Personal information
- Full name: Alfred Gardiner Hastings
- Born: 29 October 1847 Deal, Kent, England
- Died: 29 December 1916 (aged 69) Brook Green, Middlesex, England
- Batting: Right-handed

Domestic team information
- 1869: Marylebone Cricket Club

Career statistics
| Competition | First-class |
| Matches | 1 |
| Runs scored | 1 |
| Batting average | 0.50 |
| 100s/50s | –/– |
| Top score | 1 |
| Catches/stumpings | –/– |
- Source: Cricinfo, 6 May 2021

= Alfred Hastings =

English cricketer and solicitor

Alfred Gardiner Hastings (29 October 1847 – 26 December 1916) was an English first-class cricketer and solicitor.

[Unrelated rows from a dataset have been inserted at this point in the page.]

(* smallest matrix convex set containing S (no closure) *)
Definition mconv h (S : gset h) : gset h :=
  fun n X => forall K : gset h, matrix_convex K ->
    (forall p (Y : mtuple h p), (0 < p)%N -> S p Y -> K p Y) -> K n X.

Definition dsum h n p (X : mtuple h n) (Z : mtuple h p) : mtuple h (n + p) :=
  fun j => block_mx (X j) 0 0 (Z j).

(* unitary equivalence (forces equal sizes) *)
Definition unieq h m n (A : mtuple h m) (B : mtuple h n) : Prop :=
  exists U : 'M[C]_(m, n),
    adj U *m U = 1%:M /\ U *m adj U = 1%:M /\ forall j, A j = U *m B j *m adj U.

Definition free_extreme h (K : gset h) n (X : mtuple h n) : Prop :=
  (0 < n)%N /\ K n X /\
  forall k (m : 'I_k -> nat) (Xs : forall i, mtuple h (m i))
         (V : forall i, 'M[C]_(m i, n)),
    (forall i, 0 < m i)%N -> (forall i, K (m i) (Xs i)) ->
    (forall i, V i != 0) -> isometric_family V -> X = mcomb Xs V ->
    forall i, unieq (Xs i) X \/
      exists p (Z : mtuple h p), (0 < p)%N /\ K p Z /\ unieq (Xs i) (dsum X Z).

Definition free_ext_set h (K : gset h) : gset h := fun n X => free_extreme K X.

(* the pair (X, Y): first g coordinates X, remaining h - g coordinates Y *)
Definition pairT g h n (X : mtuple g n) (Y : mtuple (h - g) n) : mtuple h n :=
  fun j => match (insub (nat_of_ord j) : option 'I_g) with
           | Some a => X a
           | None => match (insub (nat_of_ord j - g)%N : option 'I_(h - g)) with
                     | Some b => Y b
                     | None => 0
                     end
           end.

The son of Henry Cadogan Hastings, who was the Chief Constable of Surrey Constabulary, he was born in October 1847 at Deal, Kent. Hastings was educated at Winchester College, where he was in the cricket eleven. From Winchester he went up in 1866 to Corpus Christi College, Oxford. In 1868 he appeared twice at county-level for Shropshire while playing at club level for Hawkstone. A student of the Inner Temple, he was admitted as a solicitor in 1869. In the same year he made a single appearance in first-class cricket for the Marylebone Cricket Club (MCC) against Hampshire at Southampton. Hastings opened the batting for the MCC, being dismissed in both MCC innings by Charles Martin for scores of 0 and 1 respectively. Wisden described him as "over cautious as a bat, but remarkably neat and finished in style. He was good at point." As a solicitor, he was said to have "somewhat seedy clients". He was struck off in 1887 for alleged corrupt practices, having been unable to account satisfactorily for large sums of money committed to his trust by the politician William Evelyn. Hastings also had severe financial difficulties and he and his family were repeatedly bankrupt, necessitating his wife, Kate Comyns Carr (who was a painter and the sister of J. Comyns Carr) to take their two sons to continental Europe until there was enough money for the family to return to London. He eventually sent a message to Kate saying his financial position had improved, however this was not the case, and upon their return the family moved between cheap hotels. His youngest son was Patrick Gardiner Hastings, a prominent barrister. Hastings died at Hammersmith on Boxing Day in 1916.